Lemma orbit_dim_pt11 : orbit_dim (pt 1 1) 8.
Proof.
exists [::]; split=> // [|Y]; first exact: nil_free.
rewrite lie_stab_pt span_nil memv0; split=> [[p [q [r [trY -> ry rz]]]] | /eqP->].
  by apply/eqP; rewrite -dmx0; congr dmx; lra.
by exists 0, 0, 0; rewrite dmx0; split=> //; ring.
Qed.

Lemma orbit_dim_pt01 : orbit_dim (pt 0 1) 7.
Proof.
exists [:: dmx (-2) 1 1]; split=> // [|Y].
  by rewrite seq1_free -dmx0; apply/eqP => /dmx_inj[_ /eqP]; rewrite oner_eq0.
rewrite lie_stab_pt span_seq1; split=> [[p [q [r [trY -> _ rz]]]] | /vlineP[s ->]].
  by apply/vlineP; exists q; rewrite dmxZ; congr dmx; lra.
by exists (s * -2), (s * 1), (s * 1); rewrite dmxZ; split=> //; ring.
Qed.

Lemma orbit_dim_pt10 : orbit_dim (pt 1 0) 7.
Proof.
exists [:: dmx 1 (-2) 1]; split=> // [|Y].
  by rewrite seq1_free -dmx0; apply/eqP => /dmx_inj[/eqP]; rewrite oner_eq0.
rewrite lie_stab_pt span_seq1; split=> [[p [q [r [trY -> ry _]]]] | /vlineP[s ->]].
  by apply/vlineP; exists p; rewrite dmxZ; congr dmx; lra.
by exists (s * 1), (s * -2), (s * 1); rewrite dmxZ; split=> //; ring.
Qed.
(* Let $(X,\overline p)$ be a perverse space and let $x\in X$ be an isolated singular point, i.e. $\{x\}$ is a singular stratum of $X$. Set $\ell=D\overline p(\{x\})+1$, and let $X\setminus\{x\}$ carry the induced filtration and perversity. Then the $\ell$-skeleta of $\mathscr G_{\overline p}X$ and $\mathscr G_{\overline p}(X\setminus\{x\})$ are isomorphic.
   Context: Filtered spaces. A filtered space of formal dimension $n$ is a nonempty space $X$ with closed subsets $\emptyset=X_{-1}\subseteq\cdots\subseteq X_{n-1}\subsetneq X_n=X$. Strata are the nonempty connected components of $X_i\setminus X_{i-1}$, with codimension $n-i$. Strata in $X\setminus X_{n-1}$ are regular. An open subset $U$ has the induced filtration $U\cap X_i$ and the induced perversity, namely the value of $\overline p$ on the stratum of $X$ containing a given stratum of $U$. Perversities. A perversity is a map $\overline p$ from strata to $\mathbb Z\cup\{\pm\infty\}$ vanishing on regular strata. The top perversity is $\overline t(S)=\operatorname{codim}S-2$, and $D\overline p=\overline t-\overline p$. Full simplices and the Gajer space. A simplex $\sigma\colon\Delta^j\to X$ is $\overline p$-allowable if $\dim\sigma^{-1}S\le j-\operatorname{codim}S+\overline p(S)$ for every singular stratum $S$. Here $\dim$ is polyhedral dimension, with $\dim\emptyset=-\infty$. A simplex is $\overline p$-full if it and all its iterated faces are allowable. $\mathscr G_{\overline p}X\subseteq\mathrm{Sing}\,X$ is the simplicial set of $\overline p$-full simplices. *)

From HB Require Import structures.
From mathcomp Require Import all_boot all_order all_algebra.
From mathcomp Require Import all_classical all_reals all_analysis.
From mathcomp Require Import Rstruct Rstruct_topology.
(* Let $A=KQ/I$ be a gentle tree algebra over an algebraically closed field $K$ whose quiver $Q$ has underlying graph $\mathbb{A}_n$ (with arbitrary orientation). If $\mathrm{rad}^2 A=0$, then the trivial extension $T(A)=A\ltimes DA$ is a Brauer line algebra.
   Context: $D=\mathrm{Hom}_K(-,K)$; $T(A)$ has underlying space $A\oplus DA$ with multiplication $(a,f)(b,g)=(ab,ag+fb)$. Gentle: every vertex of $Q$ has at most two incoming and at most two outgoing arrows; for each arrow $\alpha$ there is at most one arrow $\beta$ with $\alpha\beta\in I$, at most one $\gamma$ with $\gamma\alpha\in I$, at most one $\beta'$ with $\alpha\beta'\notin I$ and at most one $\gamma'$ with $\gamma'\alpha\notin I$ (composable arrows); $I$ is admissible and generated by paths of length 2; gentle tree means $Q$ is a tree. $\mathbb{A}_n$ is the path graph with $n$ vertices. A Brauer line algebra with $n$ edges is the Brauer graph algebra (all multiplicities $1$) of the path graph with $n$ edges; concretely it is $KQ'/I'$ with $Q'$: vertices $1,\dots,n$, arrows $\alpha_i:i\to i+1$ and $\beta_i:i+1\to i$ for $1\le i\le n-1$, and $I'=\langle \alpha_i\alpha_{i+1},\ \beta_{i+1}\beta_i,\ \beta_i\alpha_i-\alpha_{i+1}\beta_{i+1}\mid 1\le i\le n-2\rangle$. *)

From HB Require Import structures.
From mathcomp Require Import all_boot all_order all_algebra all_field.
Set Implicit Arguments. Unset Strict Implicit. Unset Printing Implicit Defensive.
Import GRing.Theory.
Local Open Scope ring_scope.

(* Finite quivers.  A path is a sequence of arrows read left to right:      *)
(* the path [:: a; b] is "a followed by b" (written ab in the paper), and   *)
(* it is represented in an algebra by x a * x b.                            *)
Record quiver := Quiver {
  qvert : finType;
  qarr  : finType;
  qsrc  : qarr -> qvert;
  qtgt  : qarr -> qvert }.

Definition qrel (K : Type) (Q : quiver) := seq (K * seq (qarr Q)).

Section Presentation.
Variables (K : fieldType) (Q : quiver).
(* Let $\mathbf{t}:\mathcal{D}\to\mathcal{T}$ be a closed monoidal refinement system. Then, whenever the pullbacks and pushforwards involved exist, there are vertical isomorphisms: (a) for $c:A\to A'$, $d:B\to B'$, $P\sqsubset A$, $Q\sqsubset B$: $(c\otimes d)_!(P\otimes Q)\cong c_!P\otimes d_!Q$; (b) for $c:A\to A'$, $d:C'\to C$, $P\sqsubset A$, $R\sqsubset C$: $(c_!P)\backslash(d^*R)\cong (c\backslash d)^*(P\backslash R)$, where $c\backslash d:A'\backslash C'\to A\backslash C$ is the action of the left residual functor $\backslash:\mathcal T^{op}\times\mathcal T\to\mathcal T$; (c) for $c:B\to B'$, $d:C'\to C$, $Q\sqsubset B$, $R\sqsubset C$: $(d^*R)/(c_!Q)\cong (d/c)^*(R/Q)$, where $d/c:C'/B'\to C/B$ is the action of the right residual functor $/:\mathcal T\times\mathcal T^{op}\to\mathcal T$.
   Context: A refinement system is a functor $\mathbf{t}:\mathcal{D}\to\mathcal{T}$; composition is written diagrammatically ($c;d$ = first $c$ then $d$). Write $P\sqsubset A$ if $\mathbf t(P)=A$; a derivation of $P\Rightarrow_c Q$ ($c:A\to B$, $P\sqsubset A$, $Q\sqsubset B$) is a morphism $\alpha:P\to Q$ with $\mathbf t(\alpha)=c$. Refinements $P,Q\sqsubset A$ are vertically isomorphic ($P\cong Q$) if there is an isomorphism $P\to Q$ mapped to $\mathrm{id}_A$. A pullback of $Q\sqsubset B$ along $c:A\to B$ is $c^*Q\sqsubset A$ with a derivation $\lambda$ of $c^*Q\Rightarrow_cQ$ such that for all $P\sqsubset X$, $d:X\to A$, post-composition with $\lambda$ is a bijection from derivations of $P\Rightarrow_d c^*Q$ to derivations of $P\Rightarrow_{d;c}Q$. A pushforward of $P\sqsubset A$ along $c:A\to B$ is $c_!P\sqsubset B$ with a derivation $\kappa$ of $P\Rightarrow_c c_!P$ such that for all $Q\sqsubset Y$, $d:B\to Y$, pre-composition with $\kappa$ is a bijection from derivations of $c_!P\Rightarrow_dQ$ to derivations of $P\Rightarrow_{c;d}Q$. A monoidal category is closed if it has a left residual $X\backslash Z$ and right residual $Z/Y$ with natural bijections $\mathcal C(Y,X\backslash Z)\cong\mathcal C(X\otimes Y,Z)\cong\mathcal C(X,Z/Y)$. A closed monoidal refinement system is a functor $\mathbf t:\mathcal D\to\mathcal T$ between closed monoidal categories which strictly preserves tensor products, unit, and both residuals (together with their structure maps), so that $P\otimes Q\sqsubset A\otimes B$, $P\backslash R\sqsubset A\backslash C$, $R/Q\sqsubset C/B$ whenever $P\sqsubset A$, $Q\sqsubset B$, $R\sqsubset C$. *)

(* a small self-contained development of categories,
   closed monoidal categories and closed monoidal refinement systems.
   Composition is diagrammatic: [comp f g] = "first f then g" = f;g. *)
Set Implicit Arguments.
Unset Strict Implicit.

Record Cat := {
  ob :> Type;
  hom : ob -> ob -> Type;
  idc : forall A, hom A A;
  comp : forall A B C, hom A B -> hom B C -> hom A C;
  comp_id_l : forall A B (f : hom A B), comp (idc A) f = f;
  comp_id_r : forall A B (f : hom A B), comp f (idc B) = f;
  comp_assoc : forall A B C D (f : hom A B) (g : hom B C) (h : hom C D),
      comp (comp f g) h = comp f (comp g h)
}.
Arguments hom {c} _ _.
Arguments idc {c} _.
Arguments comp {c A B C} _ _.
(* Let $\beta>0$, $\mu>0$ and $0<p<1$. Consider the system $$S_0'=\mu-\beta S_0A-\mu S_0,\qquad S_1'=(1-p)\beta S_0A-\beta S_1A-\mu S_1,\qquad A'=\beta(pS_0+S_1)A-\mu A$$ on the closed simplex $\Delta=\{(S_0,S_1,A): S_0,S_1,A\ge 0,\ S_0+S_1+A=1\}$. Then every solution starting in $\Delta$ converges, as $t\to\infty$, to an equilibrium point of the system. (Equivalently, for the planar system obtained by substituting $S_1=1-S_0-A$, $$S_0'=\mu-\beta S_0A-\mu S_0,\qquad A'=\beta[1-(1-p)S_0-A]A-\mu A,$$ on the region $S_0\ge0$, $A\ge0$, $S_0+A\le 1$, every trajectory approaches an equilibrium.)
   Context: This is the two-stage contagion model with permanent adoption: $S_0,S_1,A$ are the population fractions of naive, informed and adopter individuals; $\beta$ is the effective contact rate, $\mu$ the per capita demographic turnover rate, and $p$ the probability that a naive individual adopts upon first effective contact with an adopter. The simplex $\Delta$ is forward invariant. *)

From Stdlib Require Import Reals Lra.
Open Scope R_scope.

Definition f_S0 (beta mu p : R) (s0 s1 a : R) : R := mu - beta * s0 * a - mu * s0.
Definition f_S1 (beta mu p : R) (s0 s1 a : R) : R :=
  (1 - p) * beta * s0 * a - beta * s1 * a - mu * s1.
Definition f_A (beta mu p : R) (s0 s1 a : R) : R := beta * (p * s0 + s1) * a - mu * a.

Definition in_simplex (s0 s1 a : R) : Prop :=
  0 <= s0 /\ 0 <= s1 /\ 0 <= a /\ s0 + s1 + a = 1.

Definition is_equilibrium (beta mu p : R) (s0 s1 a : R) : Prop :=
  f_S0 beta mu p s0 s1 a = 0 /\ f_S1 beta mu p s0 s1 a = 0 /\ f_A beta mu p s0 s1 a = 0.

- - - - -

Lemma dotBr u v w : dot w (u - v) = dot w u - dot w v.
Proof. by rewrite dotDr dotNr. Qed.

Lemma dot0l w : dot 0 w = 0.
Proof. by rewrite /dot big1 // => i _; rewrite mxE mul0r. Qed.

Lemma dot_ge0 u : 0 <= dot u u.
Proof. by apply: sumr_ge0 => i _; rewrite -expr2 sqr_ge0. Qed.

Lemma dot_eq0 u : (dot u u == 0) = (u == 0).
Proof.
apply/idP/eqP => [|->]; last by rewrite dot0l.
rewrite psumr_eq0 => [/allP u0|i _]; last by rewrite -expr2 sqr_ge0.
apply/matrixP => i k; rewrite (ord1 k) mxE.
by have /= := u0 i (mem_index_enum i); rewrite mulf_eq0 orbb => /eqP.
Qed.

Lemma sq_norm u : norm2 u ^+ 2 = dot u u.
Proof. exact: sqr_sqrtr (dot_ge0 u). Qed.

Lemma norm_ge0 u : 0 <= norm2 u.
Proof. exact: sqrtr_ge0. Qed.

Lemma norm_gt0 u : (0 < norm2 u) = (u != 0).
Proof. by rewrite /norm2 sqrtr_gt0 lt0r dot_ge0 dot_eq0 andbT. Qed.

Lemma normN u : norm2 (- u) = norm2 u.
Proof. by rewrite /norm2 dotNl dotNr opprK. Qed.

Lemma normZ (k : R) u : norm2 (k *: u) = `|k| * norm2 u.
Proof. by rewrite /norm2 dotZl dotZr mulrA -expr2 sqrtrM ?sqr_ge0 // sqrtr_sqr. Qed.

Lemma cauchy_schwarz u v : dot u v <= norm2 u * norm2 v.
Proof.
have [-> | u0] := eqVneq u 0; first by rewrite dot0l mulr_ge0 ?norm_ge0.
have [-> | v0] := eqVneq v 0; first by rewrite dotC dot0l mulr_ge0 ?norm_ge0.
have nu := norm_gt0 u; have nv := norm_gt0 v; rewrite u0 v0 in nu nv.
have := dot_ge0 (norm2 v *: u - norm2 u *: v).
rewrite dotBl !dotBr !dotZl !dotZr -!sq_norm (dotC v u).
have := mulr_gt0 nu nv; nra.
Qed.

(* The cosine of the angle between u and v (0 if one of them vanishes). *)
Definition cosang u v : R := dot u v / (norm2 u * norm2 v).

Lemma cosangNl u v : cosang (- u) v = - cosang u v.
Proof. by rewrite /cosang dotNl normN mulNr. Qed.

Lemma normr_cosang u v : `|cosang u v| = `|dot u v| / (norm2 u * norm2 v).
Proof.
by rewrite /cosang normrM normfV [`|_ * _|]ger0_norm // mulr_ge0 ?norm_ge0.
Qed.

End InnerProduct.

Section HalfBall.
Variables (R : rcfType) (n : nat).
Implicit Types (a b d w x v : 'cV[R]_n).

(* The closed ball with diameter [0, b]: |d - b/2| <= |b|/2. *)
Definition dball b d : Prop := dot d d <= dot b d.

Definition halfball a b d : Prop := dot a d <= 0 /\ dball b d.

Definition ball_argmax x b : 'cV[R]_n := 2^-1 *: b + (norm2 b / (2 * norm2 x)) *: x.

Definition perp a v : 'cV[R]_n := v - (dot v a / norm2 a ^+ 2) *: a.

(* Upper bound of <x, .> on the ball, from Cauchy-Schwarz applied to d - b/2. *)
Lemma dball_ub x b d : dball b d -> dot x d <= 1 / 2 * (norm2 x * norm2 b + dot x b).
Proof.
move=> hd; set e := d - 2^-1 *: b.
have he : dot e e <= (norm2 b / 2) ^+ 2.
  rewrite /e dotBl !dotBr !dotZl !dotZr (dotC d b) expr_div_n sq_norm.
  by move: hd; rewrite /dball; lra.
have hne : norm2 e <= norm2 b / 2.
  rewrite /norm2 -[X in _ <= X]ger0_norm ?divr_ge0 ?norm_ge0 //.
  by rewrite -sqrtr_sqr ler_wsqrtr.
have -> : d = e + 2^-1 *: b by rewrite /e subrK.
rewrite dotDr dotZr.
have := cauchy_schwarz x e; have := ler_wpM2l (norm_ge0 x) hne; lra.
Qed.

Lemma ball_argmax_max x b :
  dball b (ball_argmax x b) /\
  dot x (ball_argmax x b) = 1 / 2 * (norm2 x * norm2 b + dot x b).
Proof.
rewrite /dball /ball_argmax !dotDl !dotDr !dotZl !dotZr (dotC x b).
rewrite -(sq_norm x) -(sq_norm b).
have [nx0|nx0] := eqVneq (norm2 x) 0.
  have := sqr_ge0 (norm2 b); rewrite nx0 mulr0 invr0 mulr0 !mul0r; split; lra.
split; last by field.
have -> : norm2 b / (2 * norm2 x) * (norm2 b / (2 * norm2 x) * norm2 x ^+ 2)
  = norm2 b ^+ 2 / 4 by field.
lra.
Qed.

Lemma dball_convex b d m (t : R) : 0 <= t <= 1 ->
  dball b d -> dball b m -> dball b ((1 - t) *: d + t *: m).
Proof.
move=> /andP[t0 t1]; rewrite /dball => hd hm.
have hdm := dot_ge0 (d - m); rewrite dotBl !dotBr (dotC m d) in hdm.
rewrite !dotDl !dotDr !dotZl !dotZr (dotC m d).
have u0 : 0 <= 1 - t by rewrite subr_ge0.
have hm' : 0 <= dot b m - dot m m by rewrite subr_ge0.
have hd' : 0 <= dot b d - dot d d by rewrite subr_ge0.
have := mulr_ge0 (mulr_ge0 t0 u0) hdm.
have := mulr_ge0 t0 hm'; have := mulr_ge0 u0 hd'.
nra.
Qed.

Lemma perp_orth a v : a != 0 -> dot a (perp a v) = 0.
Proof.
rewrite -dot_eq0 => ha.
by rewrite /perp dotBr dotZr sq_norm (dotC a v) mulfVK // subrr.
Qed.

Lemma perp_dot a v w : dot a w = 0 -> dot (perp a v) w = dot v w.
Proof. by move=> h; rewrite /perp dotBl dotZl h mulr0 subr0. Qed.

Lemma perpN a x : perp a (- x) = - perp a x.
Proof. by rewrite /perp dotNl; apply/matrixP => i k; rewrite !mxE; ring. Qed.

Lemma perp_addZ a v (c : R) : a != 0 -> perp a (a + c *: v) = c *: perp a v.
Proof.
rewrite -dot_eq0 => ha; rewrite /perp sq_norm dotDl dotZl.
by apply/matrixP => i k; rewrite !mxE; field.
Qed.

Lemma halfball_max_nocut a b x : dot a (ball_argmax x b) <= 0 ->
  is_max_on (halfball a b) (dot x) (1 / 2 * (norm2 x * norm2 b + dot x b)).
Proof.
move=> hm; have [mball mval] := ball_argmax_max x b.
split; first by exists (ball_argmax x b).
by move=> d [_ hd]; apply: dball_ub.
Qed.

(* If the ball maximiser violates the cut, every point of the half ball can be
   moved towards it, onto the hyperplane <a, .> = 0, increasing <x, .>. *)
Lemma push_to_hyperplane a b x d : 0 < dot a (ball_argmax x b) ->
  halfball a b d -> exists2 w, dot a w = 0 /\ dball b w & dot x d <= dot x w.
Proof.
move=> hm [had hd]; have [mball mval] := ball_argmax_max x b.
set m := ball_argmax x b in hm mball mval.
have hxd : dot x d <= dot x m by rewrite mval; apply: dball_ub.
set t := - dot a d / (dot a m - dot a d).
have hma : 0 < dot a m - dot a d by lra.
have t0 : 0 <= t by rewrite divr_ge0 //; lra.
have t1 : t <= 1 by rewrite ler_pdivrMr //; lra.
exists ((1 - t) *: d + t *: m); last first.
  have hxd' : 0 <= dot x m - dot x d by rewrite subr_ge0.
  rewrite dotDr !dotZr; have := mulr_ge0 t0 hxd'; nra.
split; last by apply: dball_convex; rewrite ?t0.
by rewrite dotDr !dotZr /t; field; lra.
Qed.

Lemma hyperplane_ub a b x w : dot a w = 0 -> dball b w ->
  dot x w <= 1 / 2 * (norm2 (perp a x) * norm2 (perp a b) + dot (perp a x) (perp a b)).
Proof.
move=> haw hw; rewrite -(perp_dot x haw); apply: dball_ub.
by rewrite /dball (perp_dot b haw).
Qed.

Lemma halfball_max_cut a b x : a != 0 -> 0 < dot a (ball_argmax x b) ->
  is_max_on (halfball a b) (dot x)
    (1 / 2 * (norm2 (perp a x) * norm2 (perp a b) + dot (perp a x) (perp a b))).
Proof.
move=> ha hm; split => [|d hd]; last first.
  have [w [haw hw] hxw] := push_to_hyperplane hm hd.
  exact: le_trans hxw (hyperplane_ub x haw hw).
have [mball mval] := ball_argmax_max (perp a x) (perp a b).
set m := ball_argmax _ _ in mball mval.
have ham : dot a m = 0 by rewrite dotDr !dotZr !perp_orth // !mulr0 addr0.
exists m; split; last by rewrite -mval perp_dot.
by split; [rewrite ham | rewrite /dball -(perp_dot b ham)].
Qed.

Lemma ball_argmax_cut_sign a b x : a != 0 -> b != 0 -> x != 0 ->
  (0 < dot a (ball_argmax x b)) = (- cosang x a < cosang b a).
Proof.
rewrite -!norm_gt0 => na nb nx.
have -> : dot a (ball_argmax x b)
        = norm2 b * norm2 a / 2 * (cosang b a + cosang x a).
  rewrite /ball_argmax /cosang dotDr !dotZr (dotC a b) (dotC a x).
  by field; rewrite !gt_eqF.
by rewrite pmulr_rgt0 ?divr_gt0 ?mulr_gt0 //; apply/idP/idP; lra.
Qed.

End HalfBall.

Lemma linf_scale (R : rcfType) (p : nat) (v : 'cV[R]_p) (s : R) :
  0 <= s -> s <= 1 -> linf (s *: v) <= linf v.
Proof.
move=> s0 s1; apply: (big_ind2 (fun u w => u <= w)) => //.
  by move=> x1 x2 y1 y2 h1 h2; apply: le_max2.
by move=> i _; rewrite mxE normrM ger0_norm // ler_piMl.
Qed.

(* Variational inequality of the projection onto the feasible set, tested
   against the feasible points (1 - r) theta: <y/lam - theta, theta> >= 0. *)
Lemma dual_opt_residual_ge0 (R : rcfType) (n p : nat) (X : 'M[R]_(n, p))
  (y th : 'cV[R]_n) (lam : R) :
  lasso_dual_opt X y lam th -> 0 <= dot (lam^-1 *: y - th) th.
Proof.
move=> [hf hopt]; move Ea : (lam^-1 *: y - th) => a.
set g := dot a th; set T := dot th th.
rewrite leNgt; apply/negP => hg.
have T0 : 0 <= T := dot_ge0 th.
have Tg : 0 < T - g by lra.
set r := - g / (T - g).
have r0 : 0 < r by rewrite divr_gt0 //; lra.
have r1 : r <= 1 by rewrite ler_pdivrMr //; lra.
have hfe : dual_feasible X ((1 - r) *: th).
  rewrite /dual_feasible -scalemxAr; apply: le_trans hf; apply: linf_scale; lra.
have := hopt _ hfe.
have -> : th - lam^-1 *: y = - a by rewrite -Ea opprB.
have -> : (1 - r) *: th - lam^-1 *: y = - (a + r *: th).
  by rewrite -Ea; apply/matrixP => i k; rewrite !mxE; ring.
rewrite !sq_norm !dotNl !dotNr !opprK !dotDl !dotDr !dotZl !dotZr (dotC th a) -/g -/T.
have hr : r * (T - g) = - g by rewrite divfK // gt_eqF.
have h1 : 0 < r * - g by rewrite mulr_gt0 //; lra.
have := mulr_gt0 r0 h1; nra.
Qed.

- - - - -

Aim of the task:
Gather, from the listing above, every line carrying the word "onto".

Your response:
   moved towards it, onto the hyperplane <a, .> = 0, increasing <x, .>. *)
(* Variational inequality of the projection onto the feasible set, tested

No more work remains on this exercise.